Dataset entries
----------------

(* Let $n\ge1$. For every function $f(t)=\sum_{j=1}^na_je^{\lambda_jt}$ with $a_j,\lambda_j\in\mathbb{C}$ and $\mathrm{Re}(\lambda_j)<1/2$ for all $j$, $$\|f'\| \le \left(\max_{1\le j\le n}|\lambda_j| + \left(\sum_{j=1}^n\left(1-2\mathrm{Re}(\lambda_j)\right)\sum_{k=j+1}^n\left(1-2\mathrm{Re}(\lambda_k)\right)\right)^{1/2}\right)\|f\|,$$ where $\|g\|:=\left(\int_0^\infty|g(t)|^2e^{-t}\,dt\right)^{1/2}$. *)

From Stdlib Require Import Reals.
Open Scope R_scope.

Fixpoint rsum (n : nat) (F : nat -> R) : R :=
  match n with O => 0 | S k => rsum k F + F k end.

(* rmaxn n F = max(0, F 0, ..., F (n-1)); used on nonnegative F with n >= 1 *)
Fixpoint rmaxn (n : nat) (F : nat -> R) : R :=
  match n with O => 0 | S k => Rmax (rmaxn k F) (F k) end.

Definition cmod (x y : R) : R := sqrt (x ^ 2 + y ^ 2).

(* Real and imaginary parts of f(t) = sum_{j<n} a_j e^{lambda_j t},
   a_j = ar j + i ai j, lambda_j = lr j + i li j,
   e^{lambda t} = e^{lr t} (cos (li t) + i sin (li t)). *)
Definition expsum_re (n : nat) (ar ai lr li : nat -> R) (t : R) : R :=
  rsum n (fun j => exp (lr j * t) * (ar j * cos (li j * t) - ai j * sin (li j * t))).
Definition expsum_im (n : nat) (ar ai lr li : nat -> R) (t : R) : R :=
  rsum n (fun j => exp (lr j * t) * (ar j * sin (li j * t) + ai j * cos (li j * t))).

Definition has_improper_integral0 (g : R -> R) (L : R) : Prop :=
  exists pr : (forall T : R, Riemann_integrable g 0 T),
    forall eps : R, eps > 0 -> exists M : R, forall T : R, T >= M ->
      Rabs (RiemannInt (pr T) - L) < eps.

----------------

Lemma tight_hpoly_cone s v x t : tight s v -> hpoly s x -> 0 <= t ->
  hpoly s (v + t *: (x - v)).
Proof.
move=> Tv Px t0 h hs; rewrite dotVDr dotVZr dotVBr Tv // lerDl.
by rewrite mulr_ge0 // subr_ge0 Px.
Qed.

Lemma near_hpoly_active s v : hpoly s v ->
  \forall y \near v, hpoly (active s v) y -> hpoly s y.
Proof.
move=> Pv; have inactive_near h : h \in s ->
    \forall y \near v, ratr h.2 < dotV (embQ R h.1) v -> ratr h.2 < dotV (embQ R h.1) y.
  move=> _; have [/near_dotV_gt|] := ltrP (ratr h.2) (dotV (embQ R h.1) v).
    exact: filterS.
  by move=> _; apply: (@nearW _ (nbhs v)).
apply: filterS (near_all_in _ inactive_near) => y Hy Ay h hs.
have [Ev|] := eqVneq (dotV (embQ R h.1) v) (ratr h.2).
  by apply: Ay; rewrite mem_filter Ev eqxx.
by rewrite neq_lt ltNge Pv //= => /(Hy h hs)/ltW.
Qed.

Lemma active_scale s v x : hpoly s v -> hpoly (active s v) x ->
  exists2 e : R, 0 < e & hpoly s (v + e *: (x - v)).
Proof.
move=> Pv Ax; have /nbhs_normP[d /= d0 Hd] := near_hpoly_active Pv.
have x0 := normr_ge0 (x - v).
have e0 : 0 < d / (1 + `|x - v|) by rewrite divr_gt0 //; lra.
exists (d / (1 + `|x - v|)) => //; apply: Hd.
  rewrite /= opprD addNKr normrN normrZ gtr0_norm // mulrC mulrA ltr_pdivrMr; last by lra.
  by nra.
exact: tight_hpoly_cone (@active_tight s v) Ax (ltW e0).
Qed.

----------------

ASSIGNMENT
Going back to the entries above, set down exactly the lines that begin at the one with "Definition cmod (x" and end at the one with "sin (li t)). *)", both included, and nothing else.

TASK RESPONSE
Definition cmod (x y : R) : R := sqrt (x ^ 2 + y ^ 2).

(* Real and imaginary parts of f(t) = sum_{j<n} a_j e^{lambda_j t},
   a_j = ar j + i ai j, lambda_j = lr j + i li j,
   e^{lambda t} = e^{lr t} (cos (li t) + i sin (li t)). *)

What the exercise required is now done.